Melt the butter in a sauté pan over a medium heat, add three sage leaves and when the sage has browned and the butter has been seasoned, add the gnocchetti and sauté. Depending on how much you fry them, the cheese will take on an inviting brown colour. Serve hot with a sprinkle of Parmesan cheese.

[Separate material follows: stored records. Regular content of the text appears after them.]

(* Let $h$ be the Hahn sequence space, let $\Delta:h\to h$ be the forward difference operator $(\Delta x)_k=x_k-x_{k+1}$, and let $\Delta^*:h^*\to h^*$ be its adjoint. Then $\sigma_r(\Delta,h)=\sigma_p(\Delta^*,h^* )$.
   Context: Sequences are indexed by $\mathbb{N}=\{0,1,2,\dots\}$. The Hahn sequence space is $h=\{x=(x_k):\sum_{k=1}^\infty k|x_k-x_{k+1}|<\infty \text{ and } \lim_{k\to\infty}x_k=0\}$, a Banach space with norm $\|x\|_h=\sum_k k|x_k-x_{k+1}|+\sup_k|x_k|$. $\Delta$ is given by the matrix with $1$ on the main diagonal and $-1$ on the first superdiagonal. $h^*$ is the Banach dual of $h$ and $(\Delta^*f)(x)=f(\Delta x)$. For a bounded operator $T$ on a Banach space $X$: $\sigma_p(T,X)$ is the set of $\alpha\in\mathbb{C}$ with $\alpha I-T$ not injective; the residual spectrum $\sigma_r(T,X)$ is the set of $\alpha\in\mathbb{C}$ such that $\alpha I-T$ is injective but its range $R(\alpha I-T)$ is not dense in $X$. *)

From Stdlib Require Import Reals.
From Coquelicot Require Import Coquelicot.
Open Scope R_scope.

Definition cseq := nat -> C.

Definition sadd (x y : cseq) : cseq := fun k => Cplus (x k) (y k).
Definition ssub (x y : cseq) : cseq := fun k => Cminus (x k) (y k).
Definition sscal (a : C) (x : cseq) : cseq := fun k => Cmult a (x k).
Section DeleteVertex.
Variables (T : finType) (e : rel T) (v : T).
Local Notation T' := (del_vertex_type v).
Local Notation e' := (@del_vertex T e v).

Lemma del_vertex_irreflexive : irreflexive e -> irreflexive e'.
Proof. by move=> irr x; exact: irr. Qed.

Lemma cnbhd_del_vertex (w z : T') : (z \in cnbhd e' w) = (val z \in cnbhd e (val w)).
Proof. by rewrite !inE val_eqE. Qed.

Lemma eq_or_val (x : T) : x = v \/ exists x' : T', x = val x'.
Proof. by case: (eqVneq x v) => [|neq_xv]; [left | right; exists (exist _ x neq_xv)]. Qed.

Section ExtendColoring.
Variables (K : finType) (f : T' -> K).

Definition extend_coloring (x : T) : option K := omap f (insub x).

Lemma extend_coloring_v : extend_coloring v = None.
Proof. by rewrite /extend_coloring insubF //= eqxx. Qed.

Lemma extend_coloring_val x' : extend_coloring (val x') = Some (f x').
Proof. by rewrite /extend_coloring valK. Qed.
(* Let $\mathcal{A}_l\subseteq\mathcal{A}$ be nonempty, let $\alpha=\frac{T_{\mathrm{off}}}{T_{\mathrm{off}}+T}$, let $\pi^*\in\arg\max_{\pi\in\Delta(\mathcal{A}_l)}\log\det\big(V_{(1-\alpha)\pi+\alpha\pi_{\mathrm{off}}}\big)$ and $\tilde\pi^\star=(1-\alpha)\pi^*+\alpha\pi_{\mathrm{off}}$. Then $$d=(1-\alpha)g_{\mathcal{A}_l}(\tilde\pi^\star)+\alpha\sum_{a\in\mathcal{A}}\pi_{\mathrm{off}}(a)\|a\|^2_{V^{-1}_{\tilde\pi^\star}},\qquad (1-\alpha)g_{\mathcal{A}_l}(\tilde\pi^\star)\le d_{\mathrm{eff}},$$ and for every $\pi\in\Delta(\mathcal{A}_l)$, writing $\tilde\pi=(1-\alpha)\pi+\alpha\pi_{\mathrm{off}}$ (with $V_{\tilde\pi}$ invertible), $$d\le(1-\alpha)g_{\mathcal{A}_l}(\tilde\pi)+\alpha\sum_{a\in\mathcal{A}}\pi_{\mathrm{off}}(a)\|a\|^2_{V^{-1}_{\tilde\pi}}.$$
   Context: $\mathcal{A}\subset\mathbb{R}^d$ is finite with $\mathrm{span}(\mathcal{A})=\mathbb{R}^d$; $\pi_{\mathrm{off}}\in\Delta(\mathcal{A})$ (probability simplex over $\mathcal{A}$); $T,T_{\mathrm{off}}$ are nonnegative integers with $T\ge1$. For $\pi\in\Delta(\mathcal{A})$, $V_\pi=\sum_a\pi(a)aa^\top$, $\|x\|_B=\sqrt{x^\top Bx}$, $g_{\mathcal{B}}(\pi)=\max_{a\in\mathcal{B}}\|a\|^2_{V_\pi^{-1}}$, $\lambda_k(B)$ the $k$-th smallest eigenvalue, and $d_{\mathrm{eff}}=\min\big(\sum_{k=1}^d(1+\frac{T_{\mathrm{off}}}{T}\frac{\lambda_k(V_{\pi_{\mathrm{off}}})}{\max_a\|a\|^2})^{-1},\frac{T}{T_{\mathrm{off}}}g_{\mathcal{A}}(\pi_{\mathrm{off}})\big)$ (the second term being $+\infty$ when undefined). *)

From HB Require Import structures.
From mathcomp Require Import all_boot all_order all_algebra.
From mathcomp Require Import all_classical all_reals all_analysis.
(* Let $n\ge p$, $\nu>0$, $\boldsymbol\eta=(\eta_1,\dots,\eta_p)\in\mathbb R^p$, and for $\boldsymbol d\in\mathbb R_+^p$ with $D=\mathrm{diag}(\boldsymbol d)$ set $$g(\boldsymbol d;\nu,\boldsymbol\eta)=\frac{\exp(\nu\,\boldsymbol\eta^T\boldsymbol d)}{\left[{}_0F_1\!\left(\tfrac n2,\tfrac{D^2}{4}\right)\right]^\nu}.$$ Then $\int_{\mathbb R_+^p}g(\boldsymbol d;\nu,\boldsymbol\eta)\,d\boldsymbol d<\infty$ if and only if $\max_{1\le j\le p}\eta_j<1$.
   Context: $\mathbb R_+^p=(0,\infty)^p$ with Lebesgue measure. $\mathcal V_{n,p}=\{X\in\mathbb R^{n\times p}:X^TX=I_p\}$ with normalized Haar probability measure $[dX]$; for diagonal $D$ with diagonal $\boldsymbol d$, ${}_0F_1\!\left(\tfrac n2,\tfrac{D^2}{4}\right)=\int_{\mathcal V_{n,p}}\exp\big(\sum_j d_jX_{jj}\big)[dX]$. *)

From HB Require Import structures.
From mathcomp Require Import all_boot all_order all_algebra.
From mathcomp Require Import all_classical all_reals all_analysis.
Set Implicit Arguments. Unset Strict Implicit. Unset Printing Implicit Defensive.
Import Order.TTheory GRing.Theory Num.Theory.
Local Open Scope classical_set_scope.
Local Open Scope ring_scope.

(* n x p real matrices, represented as n rows, each a p-tuple; this type
   carries MathComp-Analysis's product sigma-algebra (Borel on R^{n*p}). *)
Notation rmat R n p := (n.-tuple (p.-tuple R)) (only parsing).

Definition mx_of (R : realType) (n p : nat) (t : rmat R n p) : 'M[R]_(n, p) :=
  \matrix_(i < n, j < p) tnth (tnth t i) j.

Definition rmat_of (R : realType) (n p : nat) (M : 'M[R]_(n, p)) : rmat R n p :=
  [tuple [tuple M i j | j < p] | i < n].

Definition stiefel (R : realType) (n p : nat) : set (rmat R n p) :=
  [set t | (mx_of t)^T *m mx_of t = 1%:M].

(* mu is the normalized Haar (uniform) probability measure on V_{n,p}:
   a probability measure concentrated on V_{n,p} and invariant under
   X |-> Q X for every orthogonal Q in O(n).  Since O(n) acts transitively
   on V_{n,p}, such a measure is unique. *)
Definition stiefel_haar (R : realType) (n p : nat)
  (mu : probability (rmat R n p) R) : Prop :=
  mu.-negligible (~` @stiefel R n p) /\
  forall (Q : 'M[R]_n), Q^T *m Q = 1%:M ->
    forall A : set (rmat R n p), measurable A ->
      mu ((fun t => rmat_of (Q *m mx_of t)) @^-1` A) = mu A.

Definition diag_entry (R : realType) (n p : nat) (hnp : (p <= n)%N)
  (t : rmat R n p) (j : 'I_p) : R :=
  tnth (tnth t (widen_ord hnp j)) j.

(* 0F1(n/2; D^2/4) = \int_{V_{n,p}} exp(sum_j d_j X_jj) [dX] *)
Definition hyp0F1 (R : realType) (n p : nat) (hnp : (p <= n)%N)
  (mu : probability (rmat R n p) R) (d : p.-tuple R) : \bar R :=
  (\int[mu]_(t in [set: rmat R n p])
     (expR (\sum_(j < p) tnth d j * diag_entry hnp t j))%:E)%E.

Definition g_fun (R : realType) (n p : nat) (hnp : (p <= n)%N)
  (mu : probability (rmat R n p) R) (nu : R) (eta d : p.-tuple R) : R :=
  expR (nu * \sum_(j < p) tnth eta j * tnth d j)
    / (fine (hyp0F1 hnp mu d)) `^ nu.

(* Lebesgue integral over R_+^p = (0,oo)^p of a nonnegative function,
   computed as the iterated integral (Tonelli) of one-dimensional Lebesgue
   integrals, since the library has no p-fold product Lebesgue measure on
   tuples. *)
Fixpoint int_Rplus (R : realType) (k : nat) : (k.-tuple R -> \bar R) -> \bar R :=
  match k return (k.-tuple R -> \bar R) -> \bar R with
  | 0%N => fun f => f [tuple]
  | k'.+1 => fun f =>
      (\int[@lebesgue_measure R]_(x in `]0%R, +oo[)
          int_Rplus (fun t : k'.-tuple R => f [tuple of x :: t]))%E
  end.

From HB Require Import structures.
From mathcomp Require Import all_boot all_order all_algebra.
From mathcomp Require Import all_classical all_reals all_analysis.
From mathcomp Require Import measurable_realfun ring lra.
Import Order.TTheory GRing.Theory Num.Theory.
Set Implicit Arguments. Unset Strict Implicit. Unset Printing Implicit Defensive.
Local Open Scope classical_set_scope.
Local Open Scope ring_scope.

(* For d in R_+^p the integrand of 0F1 lies between exp(sum_j d_j), since the
   entries of X in V_{n,p} are bounded by 1, and c_e exp((1 - e) sum_j d_j),
   where c_e is the Haar mass of {X : X_jj >= 1 - e for all j}.  This mass is
   positive: some small box around a point Y of V_{n,p} has positive mass, and
   an orthogonal Q built from Householder reflections maps Y to the canonical
   frame, hence the box into that set, so invariance transfers the mass.
   Raising to the power nu, g is squeezed between exp(nu sum_j (eta_j - 1) d_j)
   and a constant times exp(nu sum_j (eta_j - 1 + e) d_j); the iterated integral
   of exp(sum_j a_j d_j) over R_+^p is prod_j 1/(-a_j) if every a_j < 0 and +oo
   otherwise. *)

Section IteratedIntegrals.
Local Open Scope ereal_scope.

(* The nonnegative integral is a supremum over dominated simple functions,
   so it is monotone even for non-measurable integrands. *)
Lemma ge0_le_integral_nomeas d (T : measurableType d) (R : realType)
    (mu : {measure set T -> \bar R}) (D : set T) (f g : T -> \bar R) :
  (forall x, D x -> 0 <= f x) -> (forall x, D x -> f x <= g x) ->
  \int[mu]_(x in D) f x <= \int[mu]_(x in D) g x.
Proof.
move=> f0 fg; have g0 x : D x -> 0 <= g x.
  by move=> Dx; exact: le_trans (f0 x Dx) (fg x Dx).
rewrite (ge0_integralE _ f0) (ge0_integralE _ g0).
apply: ereal_sup_le => _ [h hf <-]; exists h => //= x.
apply: le_trans (hf x) _; rewrite /patch; case: ifP => // /set_mem; exact: fg.
Qed.

Variable R : realType.

Definition positive_tuple k (d : k.-tuple R) := forall j, (0 < tnth d j)%R.

Lemma positive_tuple_cons k (x : R) (t : k.-tuple R) :
  (0 < x)%R -> positive_tuple t -> positive_tuple [tuple of x :: t].
Proof.
move=> x0 t0 j; case: (unliftP ord0 j) => [i ->|->]; first by rewrite tnthS.
by rewrite (tnth_nth x).
Qed.

Lemma int_Rplus_ge0 k (f : k.-tuple R -> \bar R) :
  (forall d, positive_tuple d -> 0 <= f d) -> 0 <= int_Rplus f.
Proof.
elim: k f => [|k IH] f f0 /=; first by apply: f0 => -[].
apply: integral_ge0 => x; rewrite /= in_itv /= andbT => x0.
by apply: IH => t t0; apply: f0; exact: positive_tuple_cons.
Qed.

Lemma le_int_Rplus k (f g : k.-tuple R -> \bar R) :
  (forall d, positive_tuple d -> 0 <= f d) ->
  (forall d, positive_tuple d -> f d <= g d) -> int_Rplus f <= int_Rplus g.
Proof.
elim: k f g => [|k IH] f g f0 fg /=; first by apply: fg => -[].
apply: ge0_le_integral_nomeas => x; rewrite /= in_itv /= andbT => x0.
  by apply: int_Rplus_ge0 => t t0; apply: f0; exact: positive_tuple_cons.
by apply: IH => t t0; [apply: f0|apply: fg]; exact: positive_tuple_cons.
Qed.

Definition int_expR_Rplus (a : R) :=
  \int[@lebesgue_measure R]_(x in `]0%R, +oo[) (expR (a * x)%R)%:E.

Lemma measurable_expRM (a : R) (D : set R) :
  measurable_fun D (fun x : R => (expR (a * x)%R)%:E).
Proof. by apply/measurable_EFinP; apply: measurableT_comp. Qed.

How to Season Ricotta Dumplings

As well as butter and sage, you can experiment with a delicate tomato sauce with shallots and basil, or sauté some fresh cherry tomatoes, basil, garlic, and Parmesan. Pesto is certainly a good option, but so is a walnut or pepper cream. In short, you can experiment and create lots of tasty variations.

Preparation Tips

When Ricotta Dumplings, you can omit the thyme and opt for something else such as, basil, finely chopped parsley. I made them with previously chopped nigella seeds, and they were really delicious, as nigella seeds have a flavour reminiscent of thyme and oregano and a hint of cumin. The peculiarity of Ricotta Dumplings, and their softness for this reason, is that I advise you to prepare and cook them the same day, at the most prepare the dough the night before for the next day. If prepared too far in advance, the flour will absorb the moisture of the dough, making them a bit hard once cooked.

5 from 1 vote

Ricotta Dumplings with Sage and Butter Sauce

Small soft gnocchi made with fresh ricotta cheese flavoured with thyme sautéed with butter and sage.
Porzioni 7 portions
Tempo di Preparazione 15 minutes
Tempo di Cottura 3 minutes
Tempo totale 18 minutes


  • 1 kg of Cow Ricotta Cheese
  • 250 g of All Purpose Flour
  • 1 Egg
  • 150 g of Parmesan Cheese
  • 1 tsp of Thyme
  • to taste Nutmeg
  • to taste Black Pepper
  • to taste Salt
  • 60 g of Butter
  • 3-4 leaf of Sage
  • Parmesan Cheese


  • In a bowl, mix 1 kg of Cow Ricotta Cheese, 250 g of All Purpose Flour, 1 Egg, 150 g of Parmesan Cheese, 1 tsp of Thyme, to taste Nutmeg, to taste Black Pepper, to taste Salt.
  • Place the dough in a pastry bag with a large, smooth nozzle and shape into a salami of at least 20 cm on a lightly floured surface. If you prefer, you can form the salami by hand on a floured surface and continue as above.
  • Heat a saucepan with plenty of hot water. Pour in a tablespoon of oil and when it comes to the boil, add salt and immerse the gnocchi. When they rise to the surface, wait a few minutes and drain.
  • Melt60 g of Butter in a frying pan with3-4 leaf of Sage; when the sage begins to brown, add the gnocchi and fry; when lightly browned, remove from the heat and serve hot with a sprinkle with Parmesan Cheese.
Chef: Taira by R.J.
Calorie: 611kcal
Course: First Course
Cuisine: Italian
Keyword: Cheese, Gnocchi
Difficoltà: Easy


Serving: 253g | Calories: 611kcal (31%) | Carbohydrates: 39g (13%) | Protein: 33g (66%) | Fat: 35.7g (55%) | Sugar: 1g (1%)

Le informazioni nutrizionali mostrate sono una stima fornita da un calcolatore nutrizionale online. Non deve essere considerato un sostituto del consiglio di un nutrizionista professionista.